The lung mycobiome in the next-generation sequencing era

ABSTRACT

The fungi that reside in the human lungs represent an understudied, but medically relevant comm-unity. From the few studies published on the lung mycobiome, we find that there are fungi in both the healthy and diseased respiratory tract, that these fungi vary widely between individuals, and that there is a trend toward lower fungal diversity among individuals with disease. This review discusses the few studies of the lung mycobiome and details the challenges that accompany lung mycobiome studies. These challenges include sample collection and processing, sequence amplification and processing, and a history of multiple names for species. Some challenges may never be solved, but others can be solved with more data and additional studies of the lung mycobiome.

In less than a decade, we have progressed from the belief that healthy lungs are a sterile environment to studying inter-kingdom interactions between microbial residents of the lung. In part due to the debate about the sterility of the lungs, next-generation sequencing (NGS)-based studies of the lung microbiome have lagged behind those of the gut microbiome, with the first studies of the lung microbiome being published in 2010 and 2011.^1–3 These early NGS studies, and many studies since, focused exclusively on the bacteria present in the lungs under health and disease. However, the microbial community that inhabits the lungs also contains viruses, fungi, and other eukaryotes. For comprehensive reviews of other members of the lung microbiome, see ref.⁴ for bacteria and ref.⁵ for viruses. Here we focus on the fungal component of the community, also known as the lung mycobiome. We outline what we know about the lung mycobiome, the challenges to studying the lung mycobiome (or why there are so few lung mycobiome studies), and conclude with future directions in the field.
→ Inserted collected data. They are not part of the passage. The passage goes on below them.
Lemma LB_window_near e : 0 < e -> eventually (fun m : nat => LB_is s m b ->
  exists M : Z, log_phi (dotw b) - e <= FFinv (INR m) - IZR M <= log_phi (dotw bt) + e).
Proof.
  intros He. destruct (log_phi_valF_pad_block (e / 2) ltac:(lra)) as [R0 HR0].
  generalize (filter_and (F := eventually) _ _ (FFinv_asymptotic (e / 2) ltac:(lra))
    (eventually_ge_nat (F (S (s + R0))))).
  apply filter_imp. intros m [Hx Hm] HL.
  apply (LB_is_iff s b bt Hs Hb Ht) in HL as [r [Hr1 Hr2]].
  assert (HrR : (R0 <= r)%nat).
  { destruct (Nat.le_gt_cases R0 r) as [|Hr]; auto.
    pose proof (valF_pad_tilde_le s b bt Hs Hb Ht r).
    pose proof (F_le_mono (S (s + r)) (S (s + R0)) ltac:(lia)). lia. }
  destruct (HR0 r HrR) as [Hpb Hpbt].
  pose proof (valF_pad_pos b r Hbh) as Hpos.
  apply le_INR in Hr1. apply lt_INR in Hr2.
  apply log_phi_lt_iff in Hr2; [|lra | now apply valF_pad_pos].
  apply (log_phi_le_compat _ _ Hpos) in Hr1.
  exists (Z.of_nat (s + r)). rewrite <- INR_IZR_INZ.
  apply Rabs_lt_between' in Hx, Hpb, Hpbt. lra.
Qed.

Lemma LB_window_inside e : 0 < e -> eventually (fun m : nat =>
  log_phi (dotw b) + e <= frac_part (FFinv (INR m)) <= log_phi (dotw bt) - e -> LB_is s m b).
Proof.
  intros He. destruct (log_phi_valF_pad_block (e / 2) ltac:(lra)) as [R0 HR0].
  generalize (filter_and (F := eventually) _ _
    (filter_and (F := eventually) _ _
       (FFinv_asymptotic (e / 2) ltac:(lra)) (eventually_ge_nat 1))
    (eventually_log_phi_ge (INR (s + R0) + log_phi fib_coef + e / 2 + 1))).
  apply filter_imp. intros m [[Hx Hm] Hlog] Hfrac.
  apply le_INR in Hm. simpl INR in Hm.
  set (x := FFinv (INR m)) in *. unfold frac_part in Hfrac.
  pose proof (base_Int_part x) as [Hi1 Hi2].
  set (N := Int_part x) in *.
  apply Rabs_lt_between' in Hx.
  assert (HN : (Z.of_nat (s + R0) < N)%Z) by (apply lt_IZR; rewrite <- INR_IZR_INZ; lra).
  set (r := (Z.to_nat N - s)%nat).
  assert (HM : INR (s + r) = IZR N)
    by (rewrite INR_IZR_INZ; f_equal; unfold r; lia).
  destruct (HR0 r ltac:(unfold r; lia)) as [Hpb Hpbt].
  apply Rabs_lt_between' in Hpb, Hpbt. rewrite HM in Hpb, Hpbt.
  apply (LB_is_iff s b bt Hs Hb Ht). exists r. split.
  - apply Nat.lt_le_incl, INR_lt, log_phi_lt_iff; [now apply valF_pad_pos | lra | lra].
  - apply INR_lt, log_phi_lt_iff; [lra | now apply valF_pad_pos | lra].
Qed.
Why is the lung mycobiome important?

In addition to causing clinical fungal infections, the lung mycobiome may have profound inflammatory effects that can cause or worsen lung disease. Fungi contain pathogen-associated molecular patterns (PAMPS) such as glucans, chitin, and mannans present in the fungal cell wall.^6,7 These PAMPs are recognized by pattern recognition receptors (PRRs) that then activate immune cells leading to inflammation (Fig. 1). Activation of macrophages, T cells, and B cells leads to cytokine release and immune activation. Both the adaptive and innate immune responses are triggered by fungi, and the respiratory epithelium plays a key role in the response to fungi. Fungi have been linked to such chronic lung diseases as asthma and COPD.^8,9 Given the ubiquity of fungi in the environment, the potential respiratory exposure to fungi, and the ability of fungi to trigger inflammation, the mycobiome may play a key role in shaping the respiratory immune response and contribute to lung damage.

Figure 1.

Interaction between the mycobiome and the immune system. When pattern recognition receptors (PRRs) recognize the pathogen-associated molecular patterns (PAMPs) on fungal cell walls macrophages, T cells, and B cells are activated. The fate of the activated T cells is determined by the cytokines were stimulated. INF, interferon; IL, interleukin; TNF, tumor necrosis factor. Figure from ref.³⁷.

What do we know about the lung mycobiome?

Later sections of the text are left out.